In His Father's Footsteps - Danielle Steel

Chapter 1

On April 6, 1945, the Nazis began evacuating Buchenwald concentration camp, on the Ettersberg Mountain, near Weimar, Germany. The camp had been in operation for eight years, since 1937, and two hundred and thirty-eight thousand prisoners, men, women, and children, had passed through the camp by then. Fifty-six thousand prisoners had died there: Czechs, Poles, French, Germans.

On the sixth of April, U.S. troops had been in the area for two days, and the Nazis wanted all the prisoners out of the camp before the Allied forces arrived. It was a labor camp, with a crematorium, a medical facility where horrific medical experiments were conducted, and horse barracks to house the prisoners. Stables which had once held up to eighty horses were lived in by twelve hundred men, five to a bunk.
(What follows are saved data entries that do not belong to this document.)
(* Cutting the circle just before its largest letter n, a circular permutation
   of [n] is a word w of [n-1] followed by n.  An occurrence of a rotation of
   1342 (that is, of 1342, 3421, 4213 or 2134) using n must end there with the
   largest letter of the pattern, which only 2134 allows; as 4213 and 2134 both
   contain 213, the word w n avoids 1342 circularly iff w avoids 213, 1342 and
   3421.  Such words are counted by their first letter x: if x is the maximum,
   the rest is again such a word; otherwise the rest is a permutation of the
   letters above x avoiding 213 and 231, followed by the letters below x in
   increasing order.  In a permutation avoiding 213 and 231 the first letter is
   the minimum or the maximum, so there are 2^(m-1) of them on m letters.
   Hence c_(k+1) = c_k + (2^(k-1) + ... + 2 + 1) = c_k + 2^k - 1, and
   c_k = 2^k - k. *)

Lemma all_subseq (T : eqType) (P : pred T) u s : subseq u s -> all P s -> all P u.
Proof. by move=> /mem_subseq su /allP Ps; apply/allP => y /su /Ps. Qed.

Lemma subseq_cat_split (T : eqType) (u v w : seq T) : subseq u (v ++ w) ->
  exists u1 u2, [/\ u = u1 ++ u2, subseq u1 v & subseq u2 w].
Proof.
move=> /subseqP [m size_m ->].
exists (mask (take (size v) m) v), (mask (drop (size v) m) w).
rewrite -mask_cat ?cat_take_drop ?mask_subseq //.
by rewrite size_takel // size_m size_cat leq_addr.
Qed.

Lemma subseq_cat_take_drop (T : eqType) (u1 u2 s : seq T) : subseq (u1 ++ u2) s ->
  exists2 r, r <= size s & subseq u1 (take r s) && subseq u2 (drop r s).
Proof.
elim: s u1 => [|x s IHs] [|y u1] /=.
- by move=> su2; exists 0.
- by [].
- by move=> su2; exists 0; rewrite ?sub0seq.
case: eqP => [-> | _] su.
  by have [r le_rs su12] := IHs _ su; exists r.+1; rewrite //= eqxx.
have [r le_rs /andP [su1 su2]] := IHs (y :: u1) su.
exists r.+1; rewrite //= su2 andbT; case: eqP => // _.
exact: cons_subseq su1.
Qed.

Lemma mem2_total (T : eqType) (s : seq T) y z :
  y \in s -> z \in s -> mem2 s y z || mem2 s z y.
Proof.
elim: s => //= x s IHs; rewrite !mem2_cons !inE.
have [<- _ -> // | _ /= sy] := eqVneq x y.
have [<- _ | _ /= sz] := eqVneq x z; first by rewrite sy orbT.
exact: IHs.
Qed.

Lemma pairwise_subseq2 (T : eqType) (r : rel T) s :
  (forall y z, subseq [:: y; z] s -> r y z) -> pairwise r s.
Proof.
elim: s => //= y s IHs r_s; apply/andP; split.
  by apply/allP => z sz; apply: r_s; rewrite /= eqxx sub1seq.
by apply: IHs => z1 z2 sub_s; apply: r_s; apply: subseq_trans sub_s (subseq_cons _ _).
Qed.

Lemma cat_filter_predC (T : eqType) (P : pred T) s :
  (forall y z, mem2 s y z -> P z -> P y) -> filter P s ++ filter (predC P) s = s.
Proof.
elim: s => //= y s IHs closed.
have closed_s y' z : mem2 s y' z -> P z -> P y'.
  move=> s_yz; apply: closed; rewrite mem2_cons.
  by case: eqP => // _; rewrite inE (mem2r s_yz) orbT.
case Py : (P y) => /=; first by rewrite IHs.
have no_P : filter P s = [::].
  apply/eqP; rewrite -(negbK (_ == _)) -has_filter; apply/hasPn => z sz.
  by apply: contraFN Py; apply: closed; rewrite mem2_cons eqxx inE sz orbT.
by rewrite -[in RHS](IHs closed_s) no_P.
Qed.

Lemma cat_injl (T : Type) (s : seq T) : injective (cat^~ s).
Proof.
move=> u v /= eq_uv; have size_uv : size u = size v.
  by apply/eqP; rewrite -(eqn_add2r (size s)) -!size_cat eq_uv.
by rewrite -(take_size_cat s size_uv) eq_uv take_size_cat.
Qed.

Lemma count_bij (T1 T2 : eqType) (s1 : seq T1) (s2 : seq T2) (P1 : pred T1) (P2 : pred T2)
    (f : T2 -> T1) :
  uniq s1 -> uniq s2 -> injective f ->
  {in s2, forall y, P2 y -> (f y \in s1) && P1 (f y)} ->
  {in s1, forall x, P1 x -> exists2 y, (y \in s2) && P2 y & x = f y} ->
  count P1 s1 = count P2 s2.
Proof.
move=> uniq_s1 uniq_s2 inj_f f_into f_onto.
rewrite -!size_filter -(size_map f (filter P2 s2)); apply: perm_size.
apply: uniq_perm => [||x]; rewrite ?map_inj_uniq ?filter_uniq //.
rewrite mem_filter; apply/andP/mapP => [[P1x s1x] | [y]].
  by have [y ys2 ->] := f_onto x s1x P1x; exists y; rewrite // mem_filter andbC.
by rewrite mem_filter => /andP [P2y s2y] ->; apply/andP; rewrite andbC f_into.
Qed.

Lemma size_reduced u : size (reduced u) = size u.
Proof. exact: size_map. Qed.

Lemma reduced_rot k u : reduced (rot k u) = rot k (reduced u).
Proof. by rewrite /reduced -map_rot; apply: eq_map => x; apply/permP; rewrite perm_rot. Qed.

Lemma reduced_rev u : reduced (rev u) = rev (reduced u).
Proof. by rewrite /reduced map_rev; congr rev; apply: eq_map => x; rewrite count_rev. Qed.

Lemma leq_rank u : {in u &, forall x y,
  (count (fun z => z <= x) u <= count (fun z => z <= y) u) = (x <= y)}.
Proof.
move=> x y ux _; apply/idP/idP => [|le_xy]; last first.
  by apply: sub_count => z /leq_trans; apply.
apply: contraTT; rewrite -!ltnNge => lt_yx.
have split_count v : count (fun z => z <= x) v =
    count (fun z => z <= y) v + count (fun z => y < z <= x) v.
  by elim: v => //= z v ->; case: (leqP z x); case: (leqP z y) => /=; lia.
rewrite split_count -addn1 leq_add2l -has_count.
by apply/hasP; exists x => /=; rewrite ?lt_yx ?leqnn.
Qed.

Lemma reduced_map_mono (f : nat -> nat) u :
  {in u &, forall x y, (f x <= f y) = (x <= y)} -> reduced (map f u) = reduced u.
Proof.
move=> mono_f; rewrite /reduced -map_comp; apply/eq_in_map => x ux /=.
by rewrite count_map; apply: eq_in_count => y uy; rewrite /= mono_f.
Qed.

Lemma reduced_cons_max x u : all (fun y => y < x) u ->
  reduced (x :: u) = (size u).+1 :: reduced u.
Proof.
move=> /allP lt_ux; rewrite /reduced /= leqnn -count_predT add1n; congr (_ :: _).
  by congr _.+1; apply: eq_in_count => y /lt_ux /ltnW.
apply/eq_in_map => y uy /=; have := lt_ux y uy; case: leqP => //; lia.
Qed.

Lemma reduced_cons_min x u : all (fun y => x < y) u ->
  reduced (x :: u) = 1 :: map succn (reduced u).
Proof.
move=> /allP lt_xu; rewrite /reduced /= leqnn -map_comp; congr (_ :: _).
  by apply/eqP; rewrite eqSS -leqn0 leqNgt -has_count; apply/hasPn => y /lt_xu /=; lia.
by apply/eq_in_map => y uy /=; rewrite (ltnW (lt_xu y uy)).
Qed.

Ltac reduced_eq := rewrite /reduced /=; apply/eqP/idP; [case; lia | move=> ?; repeat f_equal; lia].

Lemma reduced_eq213 a b c : (reduced [:: a; b; c] == [:: 2; 1; 3]) = (b < a < c).
Proof. reduced_eq. Qed.

Lemma reduced_eq231 a b c : (reduced [:: a; b; c] == [:: 2; 3; 1]) = (c < a < b).
Proof. reduced_eq. Qed.

Lemma reduced_eq1342 a b c d :
  (reduced [:: a; b; c; d] == [:: 1; 3; 4; 2]) = [&& a < d, d < b & b < c].
Proof. reduced_eq. Qed.

Lemma reduced_eq3421 a b c d :
  (reduced [:: a; b; c; d] == [:: 3; 4; 2; 1]) = [&& d < c, c < a & a < b].
Proof. reduced_eq. Qed.

Lemma mem_subseqs u s : (u \in subseqs s) = subseq u s.
Proof.
elim: s u => [|x s IHs] u /=; first by rewrite inE; case: u.
rewrite mem_cat IHs; case: u => [|y u]; first by rewrite !sub0seq orbT.
have -> : (y :: u \in [seq x :: t | t <- subseqs s]) = (y == x) && (u \in subseqs s).
  apply/mapP/andP => [[t st [-> ->]] | [/eqP -> su]]; first by rewrite eqxx.
  by exists u.
rewrite IHs /=; case: eqP => [->|] //=.
by apply/orb_idr => /cons_subseq.
Qed.

Lemma occurs_linP tau s :
  reflect (exists2 u, subseq u s & reduced u = tau) (occurs_lin tau s).
Proof.
apply: (iffP hasP) => [[u]|[u]]; first by rewrite mem_subseqs => su /eqP; exists u.
by move=> su ru; exists u; rewrite ?mem_subseqs ?ru.
Qed.

Lemma occurs_lin_subseq tau s1 s2 :
  subseq s1 s2 -> occurs_lin tau s1 -> occurs_lin tau s2.
Proof.
move=> s12 /occurs_linP [u su ru]; apply/occurs_linP.
by exists u => //; apply: subseq_trans s12.
Qed.

Lemma occurs_lin_small tau s : size s < size tau -> occurs_lin tau s = false.
Proof.
move=> lt_s_tau; apply/occurs_linP => [[u /size_subseq le_us ru]].
by move: lt_s_tau; rewrite -ru size_reduced ltnNge le_us.
Qed.

Lemma occurs_lin_trans sigma tau s :
  occurs_lin sigma tau -> occurs_lin tau s -> occurs_lin sigma s.
Proof.
move=> /occurs_linP [v /subseqP [m _ ->] <-] /occurs_linP [u su <-].
apply/occurs_linP; exists (mask m u); first exact: subseq_trans (mask_subseq m u) su.
rewrite [reduced u]/reduced -map_mask.
symmetry; apply: reduced_map_mono => x y mx my.
by apply: leq_rank; apply: (mem_subseq (mask_subseq m u)).
Qed.

Lemma occurs_lin_rev tau s : occurs_lin (rev tau) (rev s) = occurs_lin tau s.
Proof.
apply/occurs_linP/occurs_linP => [[u su ru] | [u su <-]].
  by exists (rev u); rewrite ?reduced_rev ?ru ?revK // -subseq_rev revK.
by exists (rev u); rewrite ?subseq_rev // reduced_rev.
Qed.

Lemma occurs_lin_cons tau x t : occurs_lin tau (x :: t) =
  has (fun u => reduced (x :: u) == tau) (subseqs t) || occurs_lin tau t.
Proof. by rewrite /occurs_lin /= has_cat has_map. Qed.

Lemma occurs_lin_cons_max tau x t : all (fun y => y < x) t ->
  head 0 tau != size tau -> occurs_lin tau (x :: t) = occurs_lin tau t.
Proof.
move=> lt_tx htau; rewrite occurs_lin_cons; case: hasP => //= [[u]].
rewrite mem_subseqs => su /eqP ru; move: htau.
by rewrite -ru reduced_cons_max ?(all_subseq su lt_tx) //= size_reduced eqxx.
Qed.

Lemma occurs_lin_cons_max_head sigma x t : all (fun y => y < x) t ->
  occurs_lin ((size sigma).+1 :: sigma) (x :: t) =
  occurs_lin sigma t || occurs_lin ((size sigma).+1 :: sigma) t.
Proof.
move=> lt_tx; rewrite occurs_lin_cons; congr (_ || _).
apply/hasP/occurs_linP => [[u] | [u su ru]].
  rewrite mem_subseqs => su; rewrite reduced_cons_max ?(all_subseq su lt_tx) //.
  by case/eqP => _ ru; exists u.
exists u; first by rewrite mem_subseqs.
by rewrite reduced_cons_max ?(all_subseq su lt_tx) // ru -ru size_reduced.
Qed.

Lemma occurs_lin_cons_min tau x t : all (fun y => x < y) t ->
  head 0 tau != 1 -> occurs_lin tau (x :: t) = occurs_lin tau t.
Proof.
move=> lt_xt htau; rewrite occurs_lin_cons; case: hasP => //= [[u]].
rewrite mem_subseqs => su /eqP ru; move: htau.
by rewrite -ru reduced_cons_min ?(all_subseq su lt_xt).
Qed.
There were additional buildings for the men. And a single barracks for the women, which could accommodate up to a thousand female inmates.
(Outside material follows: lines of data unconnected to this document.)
(* Every vertex of a fat Hoffman graph is slim or a fat neighbour of a slim
   vertex, so the graph is determined by its slim vertices, their mutual
   adjacency and their fat neighbourhoods N(x).
   - Spectral side: a nonzero weighting of the slim vertices satisfying the
     eigen-equations of B(H) yields an eigenvalue, and every eigenvalue lam
     satisfies 2 lam > 2 (-1 - tau) = -3 - sqrt 5 > -6.
   - One slim vertex u: B(H) = (-|N(u)|), hence |N(u)| <= 2.
   - Two slim vertices u, v: if |N(u) :&: N(v)| equals [adj u v] then the two
     stars {u} :|: N(u) and {v} :|: N(v) form a decomposition, so by
     indecomposability the off-diagonal entry Q of the 2x2 matrix B(H) is
     nonzero; its smaller eigenvalue is at most (B_uu + B_vv - 2|Q|) / 2,
     which forces |N(u)| + |N(v)| <= 3.
   - The few remaining configurations are matched with the named graphs by
     listing their vertices. *)

(* The number 2 (-1 - tau) = -3 - sqrt 5 lies strictly above -6. *)
Lemma double_lambda_gt (lam : algC) : -1 - tau <= lam -> -6 < 2 * lam.
Proof.
move=> hlam; apply: lt_le_trans (ler_wpM2l (ler0n _ 2) hlam).
have -> : 2 * (-1 - tau) = - 3%:R - sqrtC 5 by rewrite /tau; field.
have sqrt5_lt3 : sqrtC 5 < 3%:R :> algC.
  rewrite -[(3%:R : algC)]sqrCK ?ler0n // ltr_sqrtC ?qualifE /= ?ler0n ?exprn_ge0 //.
  by rewrite -natrX ltr_nat.
rewrite -[-6]/(- 6%:R) -subr_gt0.
have -> : - 3%:R - sqrtC 5 - - 6%:R = 3%:R - sqrtC 5 :> algC by ring.
by rewrite subr_gt0.
Qed.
On the sixth of April, most of the women prisoners were sent to Theresienstadt, once considered a model camp, used as a showplace for visitors and the Red Cross. The women who were mobile enough to go were moved by train or on foot. Those who weren’t remained in the barracks, ignored at the end. As many male prisoners as could be handled were evacuated too. They were to be moved deeper into Germany, or sent to other camps farther away. The evacuation continued for two days, as the prisoners wondered what would happen next.

On April 8, Gwidon Damazyn, a Polish engineer who had been at the camp for four years, used the hidden shortwave transmitter he had built, and sent a message in Morse code in German and English. To the Allies. To the army of General Patton. This is the Buchenwald concentration camp. SOS. We request help. They want to evacuate us. The SS wants to destroy us. Working with Damazyn, Konstantin Leonov sent the same Morse code message in Russian.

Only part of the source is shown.